A very characteristic expressions of anxiety in kids, is selective mutism – a situation in which a
child is unable to speak and communicate effectively in certain social settings. Why does this
happen and how can this be treated using canine assisted therapy?
What is Selective Mutism?
Selective Mutism is a phenomenon where a child who is capable of normal speech, doesn’t talk
for a month or more in social situations where he is expected to speak, such as at school or in the
company of adults. This disorder harms not only their social communication with their peers, but
also their academic achievements. Selective mutism is associated with social anxiety, when the
only communication that a child or a teenager has with his peers is through the computer or the
cellular phone. In this way children can lose their ability to read facial expressions, body
language and social codes.
Therapeutic dog training
The method of therapeutic dog training on the ranch, is based on the canine assisted therapy used
abroad. This model focuses on empowering the existing abilities of a child with the help of the
dog and the therapist. The child projects his difficulties onto the dog, saying for example, that the
dog is sad, when he himself feels sadness, and thereby manages to create a significant
relationship whereby he has control of the connection. The non judgmental therapeutic
environment enables the patient to feel confident and allows him to express himself and thereby
empowers the process of reversed roles between the patient and the dog, where the patient
becomes the therapist.
Today, the Center treats over 3000 children a year using Therapeutic Dog Training, amongst
them children who are dealing with many different difficulties, including attention disorders,
autism, social anxieties etc. All of the therapists at the ranch are graduates of the professional
course for Canine Assisted Therapy.
Case Studies – Dealing with Selective Mutsim with the help of Canine Assisted Therapy
Liat Sharon is a senior instructor at the center and intern coordinator for the Center’s Therapeutic
Dog Trainers. She tells the story of Sela (a fictitious name), who arrived at the Center for
therapy. “Sela arrived at the Center at the age of five, with a diagnosis of Selective Mutism for a
year. His parents talked about a charming and sensitive child who suffers from terrible social
anxiety. The parents expressed concern regarding the transfer to first grade, and how he would
handle the system and the companionship of the children. Before the first session, we went
together to choose the dog he would prefer to work with.
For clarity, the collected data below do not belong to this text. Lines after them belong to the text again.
(* Let $n\ge 1$ and let $\|\cdot\|$ be a norm on $\mathbb{R}^n$ that is $C^\infty$ on $\mathbb{R}^n\setminus\{0\}$. Let $G^n$ be the group (under composition, $\mathbf{Y}_{g_1g_2}=\mathbf{Y}_{g_1}\circ\mathbf{Y}_{g_2}$) of all $C^\infty$ diffeomorphisms $\mathbf{Y}:\mathbb{R}^n\setminus\{0\}\to\mathbb{R}^n\setminus\{0\}$ with $\mathbf{Y}(\lambda\mathbf{x})=\lambda\mathbf{Y}(\mathbf{x})$ for all $\mathbf{x}\ne0$ and $\lambda\in\mathbb{R}\setminus\{0\}$. Let $N^n\subset G^n$ consist of the elements with $\mathbf{Y}_g(\mathbf{x})=\mathbf{x}\,r_g(\mathbf{x})$, where $r_g:\mathbb{R}^n\setminus\{0\}\to(0,\infty)$ is $C^\infty$ with $r_g(\lambda\mathbf{x})=r_g(\mathbf{x})$ for all $\lambda\in\mathbb{R}\setminus\{0\}$, and let $H^n\subset G^n$ consist of the elements $h$ with $\|\mathbf{Y}_h(\mathbf{x})\|=\|\mathbf{x}\|$ and $\mathbf{Y}_h(-\mathbf{x})=-\mathbf{Y}_h(\mathbf{x})$ for all $\mathbf{x}\ne0$. Then $G^n$ is the (internal) semidirect product $G^n=N^n\rtimes H^n$ of the abelian normal subgroup $N^n$ and the subgroup $H^n$: that is, $N^n$ is an abelian normal subgroup, $H^n$ is a subgroup, $N^n\cap H^n=\{e\}$ and $G^n=N^nH^n$.
   Context: $G^n$ is the group of Thermodynamic Coordinate Transformations (homogeneous degree-one diffeomorphisms of $\mathbb{R}^n\setminus\{0\}$); elements are identified with their maps and the group law is composition. *)

From HB Require Import structures.
From mathcomp Require Import all_boot all_order all_algebra.
From mathcomp Require Import all_classical all_reals all_analysis.
Set Implicit Arguments. Unset Strict Implicit. Unset Printing Implicit Defensive.
Import Order.TTheory GRing.Theory Num.Theory.
Import numFieldNormedType.Exports.
Local Open Scope classical_set_scope.
Local Open Scope ring_scope.

Section Defs.
Variable R : realType.

Fixpoint iderive (V W : normedModType R) (vs : seq V) (f : V -> W) : V -> W :=
  match vs with
  | [::] => f
  | v :: vs' => fun x => derive (iderive vs' f) x v
  end.

Definition smooth_on (V W : normedModType R) (U : set V) (f : V -> W) : Prop :=
  forall (vs : seq V) (x : V), U x ->
    {for x, continuous (iderive vs f)} /\ forall v : V, derivable (iderive vs f) x v.

Variable n : nat.
Notation V := 'rV[R]_n.

Definition punct : set V := [set x | x != 0].

Definition maps_punct (Y : V -> V) : Prop := forall x : V, x != 0 -> Y x != 0.

(* equality of maps on R^n\{0} (elements of G^n are identified with their
   restriction to R^n\{0}) *)
Definition eqP0 (Y Z : V -> V) : Prop := forall x : V, x != 0 -> Y x = Z x.

Definition diffeo0 (Y : V -> V) : Prop :=
  maps_punct Y /\ smooth_on punct Y /\
  exists Z : V -> V, maps_punct Z /\ smooth_on punct Z /\
    eqP0 (Z \o Y) id /\ eqP0 (Y \o Z) id.

Definition homog1 (Y : V -> V) : Prop :=
  forall (x : V) (l : R), x != 0 -> l != 0 -> Y (l *: x) = l *: Y x.

Definition inG (Y : V -> V) : Prop := diffeo0 Y /\ homog1 Y.

Definition inN (Y : V -> V) : Prop :=
  inG Y /\ exists r : V -> R,
    smooth_on punct r /\
    (forall x : V, x != 0 -> 0 < r x) /\
    (forall (x : V) (l : R), x != 0 -> l != 0 -> r (l *: x) = r x) /\
    (forall x : V, x != 0 -> Y x = r x *: x).

Definition inH (nrm : V -> R) (Y : V -> V) : Prop :=
  inG Y /\ (forall x : V, x != 0 -> nrm (Y x) = nrm x) /\
  (forall x : V, x != 0 -> Y (- x) = - Y x).

Definition is_norm (nrm : V -> R) : Prop :=
  (forall x : V, nrm x = 0 -> x = 0) /\
  (forall (l : R) (x : V), nrm (l *: x) = `|l| * nrm x) /\
  (forall x y : V, nrm (x + y) <= nrm x + nrm y).

Definition subgroupG (P : (V -> V) -> Prop) : Prop :=
  (forall Y, P Y -> inG Y) /\ P id /\
  (forall Y Z, P Y -> P Z -> P (Y \o Z)) /\
  (forall Y, P Y -> exists Z, P Z /\ eqP0 (Z \o Y) id /\ eqP0 (Y \o Z) id).

End Defs.
Definition orth_proj (R : realType) (n : nat) (P : 'M[R]_n) : Prop :=
  P^T = P /\ P *m P = P.

Definition cplx (R : realType) (n : nat) (P : 'M[R]_n) : 'M[R[i]]_n :=
  map_mx (fun x : R => Complex x 0) P.

(* The subspace of C^n spanned by the rows of U (a row vector u stands for the
   column vector u^T) is invariant under the matrix A acting on column vectors
   x |-> A x, i.e. A (row space of U)^T ⊆ (row space of U)^T; in row form:
   U *m A^T ⊆ U. *)
Definition invariant_subspace (C : fieldType) (n : nat) (U A : 'M[C]_n) : bool :=
  (U *m A^T <= U)%MS.

Definition irreducible_quadruple (R : realType) (n : nat)
    (P1 P2 P3 P4 : 'M[R]_n) : Prop :=
  forall U : 'M[R[i]]_n,
    invariant_subspace U (cplx P1) -> invariant_subspace U (cplx P2) ->
    invariant_subspace U (cplx P3) -> invariant_subspace U (cplx P4) ->
    (U == (0 : 'M[R[i]]_n))%MS \/ (U == (1%:M : 'M[R[i]]_n))%MS.

From HB Require Import structures.
From mathcomp Require Import all_boot all_order all_algebra.
From mathcomp Require Import reals.
From mathcomp.real_closed Require Import complex.
From mathcomp Require Import ring lra.
Set Implicit Arguments. Unset Strict Implicit. Unset Printing Implicit Defensive.
Import Order.TTheory GRing.Theory Num.Theory.
Local Open Scope ring_scope.

(* Proof of Proposition 4.4.  Put e := 1/n and T := P3 + P4 - 1; then
   A = n (T + 1), so it suffices to know the spectrum of T.
   - T is real symmetric, so its characteristic polynomial splits over R.
   - For any two idempotents P, Q the matrix D = P - Q anticommutes with
     S = P + Q - 1 and D^2 = 1 - S^2; hence m |-> -m maps eigenvalues of S
     to eigenvalues of S, except for m = +-1.  Applied to (P3, P4) this
     reflects the spectrum of T about 0; applied to (P1, P2), where
     P1 + P2 - 1 = -(T + e) by the sum hypothesis, it reflects it about -e.
     Composing both reflections translates eigenvalues of T by +-2e.
   - T >= -1 because P3 + P4 is positive semidefinite, and
     tr T = -(n mod 2) by the rank hypotheses on P3 and P4.
   - So the least eigenvalue r of T lies in [-1, -1 + 2e) (otherwise r - 2e
     would be a smaller one), and r, r + 2e, ..., r + 2(n-1)e are n distinct
     eigenvalues.  They exhaust the spectrum, each is simple, and comparing
     traces gives n (r + 1) = 1 - (n mod 2), which yields the claim for A. *)

Section FieldSpectrum.
Variable F : fieldType.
Sela chose Shoko, a small delicate dog,
fairly old who best expressed his feelings. We went back to the therapy room with Shoko and I
suggested a chair for Sela to sit down, but he chose to sit on the floor. All his actions pointed to
his wish to limit his visibility in the eyes of the world, starting from his lack of speech, and
through his choice of therapeutic dog. Eventually he opened up to Shoko, who gave him plenty
of love, Sela brushed and fed him, took him for walks and gave him a lot of love. His parents
told us that Sela had begun to communicate with children at kindergarten and with the adults
who visited the family’s home.
At the beginning of the year, Sela succeeded in integrating into the new school easily, forming a
connection with his new teacher and even making social contact with children in his class. Over
time I saw a noticeable improvement in Sela’s training abilities and I suggested that he help me
train one of the female dogs in the Kennel”. The change Sela went through from the start of his
therapy and to date, is huge and obvious to everyone around, and we continue to support Sela
and his family to this day.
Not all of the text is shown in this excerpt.